BEGIN GIVEN DATA
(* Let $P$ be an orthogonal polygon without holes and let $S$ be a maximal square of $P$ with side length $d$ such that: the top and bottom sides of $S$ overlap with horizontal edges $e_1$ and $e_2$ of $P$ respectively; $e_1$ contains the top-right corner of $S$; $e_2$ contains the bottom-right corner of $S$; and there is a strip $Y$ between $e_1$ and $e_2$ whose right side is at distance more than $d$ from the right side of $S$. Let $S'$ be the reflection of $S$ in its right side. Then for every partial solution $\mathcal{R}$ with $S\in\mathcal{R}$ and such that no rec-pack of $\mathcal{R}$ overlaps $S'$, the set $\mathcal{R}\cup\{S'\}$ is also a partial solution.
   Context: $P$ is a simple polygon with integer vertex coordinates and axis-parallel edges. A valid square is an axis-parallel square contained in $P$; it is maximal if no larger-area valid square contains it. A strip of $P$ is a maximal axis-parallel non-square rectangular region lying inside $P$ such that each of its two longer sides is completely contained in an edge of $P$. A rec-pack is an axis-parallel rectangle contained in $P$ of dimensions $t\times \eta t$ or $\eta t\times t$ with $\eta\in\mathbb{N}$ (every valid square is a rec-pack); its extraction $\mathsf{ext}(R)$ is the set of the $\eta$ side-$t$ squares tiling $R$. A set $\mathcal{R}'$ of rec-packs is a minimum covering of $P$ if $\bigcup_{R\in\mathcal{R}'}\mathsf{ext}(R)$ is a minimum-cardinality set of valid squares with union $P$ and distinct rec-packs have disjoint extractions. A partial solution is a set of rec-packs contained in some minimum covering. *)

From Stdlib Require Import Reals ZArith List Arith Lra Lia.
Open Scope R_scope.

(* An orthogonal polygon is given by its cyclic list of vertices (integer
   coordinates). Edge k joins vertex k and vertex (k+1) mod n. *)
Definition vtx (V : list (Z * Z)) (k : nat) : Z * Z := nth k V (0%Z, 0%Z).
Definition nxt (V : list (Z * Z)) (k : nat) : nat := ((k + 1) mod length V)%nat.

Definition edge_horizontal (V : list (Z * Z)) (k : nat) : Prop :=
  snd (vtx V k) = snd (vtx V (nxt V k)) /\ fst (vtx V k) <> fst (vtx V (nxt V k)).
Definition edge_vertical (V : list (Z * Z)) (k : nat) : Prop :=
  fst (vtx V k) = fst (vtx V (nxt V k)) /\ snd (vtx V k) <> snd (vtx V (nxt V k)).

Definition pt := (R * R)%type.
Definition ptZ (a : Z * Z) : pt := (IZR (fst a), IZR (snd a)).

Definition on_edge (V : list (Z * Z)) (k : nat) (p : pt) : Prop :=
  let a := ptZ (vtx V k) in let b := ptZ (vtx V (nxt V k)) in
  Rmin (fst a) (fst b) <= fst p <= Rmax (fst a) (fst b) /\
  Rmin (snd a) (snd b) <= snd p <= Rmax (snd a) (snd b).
END GIVEN DATA
=== WORK TO BE COMPLETED ===
Looking through the records, copy out every line in which the word "that" is found.

=== YOUR RESPONSE ===
(* Let $P$ be an orthogonal polygon without holes and let $S$ be a maximal square of $P$ with side length $d$ such that: the top and bottom sides of $S$ overlap with horizontal edges $e_1$ and $e_2$ of $P$ respectively; $e_1$ contains the top-right corner of $S$; $e_2$ contains the bottom-right corner of $S$; and there is a strip $Y$ between $e_1$ and $e_2$ whose right side is at distance more than $d$ from the right side of $S$. Let $S'$ be the reflection of $S$ in its right side. Then for every partial solution $\mathcal{R}$ with $S\in\mathcal{R}$ and such that no rec-pack of $\mathcal{R}$ overlaps $S'$, the set $\mathcal{R}\cup\{S'\}$ is also a partial solution.
   Context: $P$ is a simple polygon with integer vertex coordinates and axis-parallel edges. A valid square is an axis-parallel square contained in $P$; it is maximal if no larger-area valid square contains it. A strip of $P$ is a maximal axis-parallel non-square rectangular region lying inside $P$ such that each of its two longer sides is completely contained in an edge of $P$. A rec-pack is an axis-parallel rectangle contained in $P$ of dimensions $t\times \eta t$ or $\eta t\times t$ with $\eta\in\mathbb{N}$ (every valid square is a rec-pack); its extraction $\mathsf{ext}(R)$ is the set of the $\eta$ side-$t$ squares tiling $R$. A set $\mathcal{R}'$ of rec-packs is a minimum covering of $P$ if $\bigcup_{R\in\mathcal{R}'}\mathsf{ext}(R)$ is a minimum-cardinality set of valid squares with union $P$ and distinct rec-packs have disjoint extractions. A partial solution is a set of rec-packs contained in some minimum covering. *)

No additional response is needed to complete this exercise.